Hi @Bioinformatics-rookie , I met the same problem before and solved it by installing libopenblas. I use anaconda so I ran conda install -c conda-forge libopenblas Hope it can help you.
This code is for exacting cell embeddings such as tsne or umap, you have to
RunTSNE
to get this slot. Also make sure you are using Seuratv2 rather than v3.@MichaelPeibo Would it be possible to elaborate the need for v2 over v3? I'm using v3 and getting an error (below) that I'm trying to trace, may be due to the inputs which may be version related.

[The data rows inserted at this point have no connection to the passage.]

(* Let $L>0$, $\delta\in\mathbb{R}$ and $k\in\mathbb{Z}\setminus\{0\}$. For $j=1,2$ let $u^{in}_j\in H^2_{\mathrm{per}}$ have spatial mean zero and satisfy $u^{in}_j(x+\tfrac{L}{k})=u^{in}_j(x)$ for a.e. $x\in\mathbb{R}$, and assume $\|u^{in}_1\|_{L^2}\neq\|u^{in}_2\|_{L^2}$. Let $u_j(x,t)$ be the solution, with $L$-periodic boundary conditions, of the Korteweg–de Vries equation $$u_t+uu_x+\delta^2u_{xxx}=0,\qquad u(x,0)=u^{in}_j(x).$$ Then: (i) $u_j(x+\tfrac{L}{k},t)=u_j(x,t)$ for a.e. $x\in\mathbb{R}$, for $j=1,2$ and all $t\in\mathbb{R}$; (ii) $P_Mu_1(\cdot,t)=P_Mu_2(\cdot,t)$ for every positive integer $M<|k|$ and every $t\in\mathbb{R}$; (iii) $\limsup_{t\to\infty}\|u_1(\cdot,t)-u_2(\cdot,t)\|_{L^2}>0$.
   Context: $H^2_{\mathrm{per}}$ denotes the closure of the $L$-periodic trigonometric polynomials on $\mathbb{R}$ in the norm $\big(\sum_{j=0}^2\int_0^L|\partial_x^jf|^2dx\big)^{1/2}$; $L^2$ norms are over one period $[0,L]$. For a positive integer $M$, $P_M$ is the orthogonal projection onto the lowest $M$ Fourier modes, i.e. onto the span of $e^{i\frac{2\pi}{L}nx}$ with $|n|\le M$. The KdV equation is understood to be globally well-posed with unique solutions for such data. *)

(* L-periodic functions are represented by their
   Fourier coefficients  f = sum_{n in Z} fhat n * exp(2 pi i n x / L). *)
From Stdlib Require Import Reals ZArith.
From Coquelicot Require Import Coquelicot.
Open Scope R_scope.

Definition kappa (L : R) : R := 2 * PI / L.

Definition cis (th : R) : C := (cos th, sin th).

Definition zfold {G : AbelianMonoid} (f : Z -> G) (j : nat) : G :=
  match j with
  | O => f 0%Z
  | S _ => plus (f (Z.of_nat j)) (f (- Z.of_nat j)%Z)
  end.

(* sum over Z (symmetric partial sums) *)
Definition is_zsum (f : Z -> C) (l : C) : Prop := is_series (zfold f) l.

(* real-valued function: conjugate-symmetric coefficients *)
Definition real_coeffs (f : Z -> C) : Prop :=
  forall n : Z, f (- n)%Z = Cconj (f n).

(* H^2 weight sum_{j=0}^2 (kappa n)^(2j), matching the norm
   (sum_{j<=2} int_0^L |d^j f|^2)^(1/2) of the paper *)
Definition h2_weight (L : R) (n : Z) : R :=
  1 + (kappa L * IZR n) ^ 2 + (kappa L * IZR n) ^ 4.

(* squared H^2_per norm:  sum_{j<=2} int_0^L |d^j f|^2 = L sum_n w(n) |fhat n|^2 *)
Definition h2_terms (L : R) (f : Z -> C) : nat -> R :=
  zfold (fun n => h2_weight L n * (Cmod (f n)) ^ 2).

> rvel.cd <- gene.relative.velocity.estimates(emat,nmat,deltaT=2, + kCells=10, + cell.dist=cell.dist, + fit.quantile=fit.quantile, + n.cores=2) matching cells between cell.dist and emat/nmat ... done calculating cell knn ... done calculating convolved matrices ... Error in intI(i, n = d[1], dn[[1]], give.dn = FALSE) : no 'dimnames[[.]]': cannot use character indexing In addition: Warning message: In labels(cell.dist) == colnames(emat) : longer object length is not a multiple of shorter object length
I have the same problem too. Have you guys solved it?
Hello, I have encountered this problem, how can I solve it, I still do not understand sheild.seurat <- readRDS("/home/sheild.nodoublet7.16.rds") sheild$spliced<-sheild$spliced[,rownames(sheild.seurat@meta.data)] Error in intI(j, n = x@Dim[2], dn[[2]], give.dn = FALSE) : invalid character indexing @ramonvidal
When you run three more samples separately, one of them will have such a problem at this step, and the other two will work correctly. I found that the number of rows of the seurat object with the error sample did not match the number of row with spliced, while the other two samples matched
Hello,
I have tested the velocyto.R package with Pagoda2 as described in tutorials. But I would really like to test it with Seurat2. How do I create cell embedding, cell clustering, and accurate cell-cell distance matrix using Seurat2? Many thanks.